(* A product of k edges has degree at most k at each vertex. *)
Lemma edges_divide_saturate T k m1 m2 :
  (forall v, T v -> m1 v = 0) -> (forall v, ~~ T v -> k <= m2 v) ->
  edges_divide k (m1 + m2) -> edges_divide k m2.
Proof.
move=> m1T m2T [y sum_y /mnm_lepP le_y]; exists y => //; apply/mnm_lepP => v.
case: (boolP (T v)) => [Tv | /m2T]; first by have := le_y v; rewrite mnmDE m1T.
apply: leq_trans; rewrite edge_mdegE -sum_y leq_add_sum //.
by rewrite eq_sym ord_pred_neq.
Qed.

End Cycle.

Ltac case_ifs := repeat match goal with |- context [if ?b then _ else _] =>
  lazymatch b with context [if _ then _ else _] => fail | _ => case: (boolP b) => ? end end;
  lia.

Section CutCycle.
Variable n : nat.
Local Notation N := n.*2.+1.
Variable d : 'I_N.
Implicit Types (v : 'I_N) (T : pred 'I_N).

Definition step j : 'I_N := inord (if d + j < N then d + j else d + j - N).
Definition steps v := if d <= v then v - d else v + N - d.

Lemma val_step j : j < N -> step j = (if d + j < N then d + j else d + j - N) :> nat.
Proof. by move=> lt_jN; rewrite /step inordK //; have := ltn_ord d; case_ifs. Qed.

Lemma steps_lt v : steps v < N.
Proof. by rewrite /steps; have := ltn_ord d; have := ltn_ord v; case_ifs. Qed.

Lemma steps_step j : j < N -> steps (step j) = j.
Proof. by move=> lt_jN; rewrite /steps val_step //; have := ltn_ord d; case_ifs. Qed.

Lemma step_steps v : step (steps v) = v.
Proof.
apply: val_inj; rewrite /= val_step ?steps_lt // /steps.
by have := ltn_ord d; have := ltn_ord v; case_ifs.
Qed.

Lemma step_inj : injective (fun j : 'I_N => step j).
Proof. by move=> i j /(congr1 steps); rewrite !steps_step //; apply: val_inj. Qed.

Lemma steps_base : steps d = 0.
Proof. by rewrite /steps leqnn subnn. Qed.
Lemma one_entry_col_inj p q1 q2 : q1 < N -> q2 < N ->
  one_entry p q1 -> one_entry p q2 -> q1 = q2.
Proof.
move=> h1 h2 /andP[/eqP e1 /eqP o1] /andP[/eqP e2 /eqP o2].
have [_ /andP[a1 b1] d1] := colblk_bounds h1; have [_ /andP[a2 b2] d2] := colblk_bounds h2.
have et : colblk j q1 = colblk j q2 by lia.
rewrite et in a1 b1 d1; lia.
Qed.

(* Row [p] of block [t > 0] meets its identity entry in the column block [t-1],
   which ends [psum j t] columns from the right. *)
Lemma one_entry_shift p : p < N -> 0 < rowblk i p ->
  rowoff i p < psum j (rowblk i p) - psum j (rowblk i p).-1 ->
  one_entry p (N - psum j (rowblk i p) + rowoff i p).
Proof.
move=> hp t0 ho; set t := rowblk i p in t0 ho *; set o := rowoff i p in ho *.
have hq := psum_col_le t; have hm := leq_psum j (leq_pred t).
have hc : N - psum j t + o < N by lia.
have hcb : colblk j (N - psum j t + o) = t.-1.
  by apply: colblk_eq hc _; rewrite prednK //; apply/andP; split; lia.
have [_ _ hco] := colblk_bounds hc.
by rewrite /one_entry hco hcb prednK // eqxx /=; apply/eqP; lia.
Qed.

Definition admissible (s : 'S_(N)) :=
  [forall x : 'I_N, var_entry x (s x) || one_entry x (s x)].

Definition var_rows (s : 'S_(N)) := [set x : 'I_N | var_entry x (s x)].

Definition nvar (s : 'S_(N)) := #|var_rows s|.

Definition one_rows (s : 'S_(N)) t := [set x : 'I_N | (rowblk i x == t) && one_entry x (s x)].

__What you have to do__
Give the complete listing a second time, exactly as it reads.

__Exercise solution__
(* A product of k edges has degree at most k at each vertex. *)
Lemma edges_divide_saturate T k m1 m2 :
  (forall v, T v -> m1 v = 0) -> (forall v, ~~ T v -> k <= m2 v) ->
  edges_divide k (m1 + m2) -> edges_divide k m2.
Proof.
move=> m1T m2T [y sum_y /mnm_lepP le_y]; exists y => //; apply/mnm_lepP => v.
case: (boolP (T v)) => [Tv | /m2T]; first by have := le_y v; rewrite mnmDE m1T.
apply: leq_trans; rewrite edge_mdegE -sum_y leq_add_sum //.
by rewrite eq_sym ord_pred_neq.
Qed.

End Cycle.

Ltac case_ifs := repeat match goal with |- context [if ?b then _ else _] =>
  lazymatch b with context [if _ then _ else _] => fail | _ => case: (boolP b) => ? end end;
  lia.

Section CutCycle.
Variable n : nat.
Local Notation N := n.*2.+1.
Variable d : 'I_N.
Implicit Types (v : 'I_N) (T : pred 'I_N).

Definition step j : 'I_N := inord (if d + j < N then d + j else d + j - N).
Definition steps v := if d <= v then v - d else v + N - d.

Lemma val_step j : j < N -> step j = (if d + j < N then d + j else d + j - N) :> nat.
Proof. by move=> lt_jN; rewrite /step inordK //; have := ltn_ord d; case_ifs. Qed.

Lemma steps_lt v : steps v < N.
Proof. by rewrite /steps; have := ltn_ord d; have := ltn_ord v; case_ifs. Qed.

Lemma steps_step j : j < N -> steps (step j) = j.
Proof. by move=> lt_jN; rewrite /steps val_step //; have := ltn_ord d; case_ifs. Qed.

Lemma step_steps v : step (steps v) = v.
Proof.
apply: val_inj; rewrite /= val_step ?steps_lt // /steps.
by have := ltn_ord d; have := ltn_ord v; case_ifs.
Qed.

Lemma step_inj : injective (fun j : 'I_N => step j).
Proof. by move=> i j /(congr1 steps); rewrite !steps_step //; apply: val_inj. Qed.

Lemma steps_base : steps d = 0.
Proof. by rewrite /steps leqnn subnn. Qed.
Lemma one_entry_col_inj p q1 q2 : q1 < N -> q2 < N ->
  one_entry p q1 -> one_entry p q2 -> q1 = q2.
Proof.
move=> h1 h2 /andP[/eqP e1 /eqP o1] /andP[/eqP e2 /eqP o2].
have [_ /andP[a1 b1] d1] := colblk_bounds h1; have [_ /andP[a2 b2] d2] := colblk_bounds h2.
have et : colblk j q1 = colblk j q2 by lia.
rewrite et in a1 b1 d1; lia.
Qed.

(* Row [p] of block [t > 0] meets its identity entry in the column block [t-1],
   which ends [psum j t] columns from the right. *)
Lemma one_entry_shift p : p < N -> 0 < rowblk i p ->
  rowoff i p < psum j (rowblk i p) - psum j (rowblk i p).-1 ->
  one_entry p (N - psum j (rowblk i p) + rowoff i p).
Proof.
move=> hp t0 ho; set t := rowblk i p in t0 ho *; set o := rowoff i p in ho *.
have hq := psum_col_le t; have hm := leq_psum j (leq_pred t).
have hc : N - psum j t + o < N by lia.
have hcb : colblk j (N - psum j t + o) = t.-1.
  by apply: colblk_eq hc _; rewrite prednK //; apply/andP; split; lia.
have [_ _ hco] := colblk_bounds hc.
by rewrite /one_entry hco hcb prednK // eqxx /=; apply/eqP; lia.
Qed.

Definition admissible (s : 'S_(N)) :=
  [forall x : 'I_N, var_entry x (s x) || one_entry x (s x)].

Definition var_rows (s : 'S_(N)) := [set x : 'I_N | var_entry x (s x)].

Definition nvar (s : 'S_(N)) := #|var_rows s|.

Definition one_rows (s : 'S_(N)) t := [set x : 'I_N | (rowblk i x == t) && one_entry x (s x)].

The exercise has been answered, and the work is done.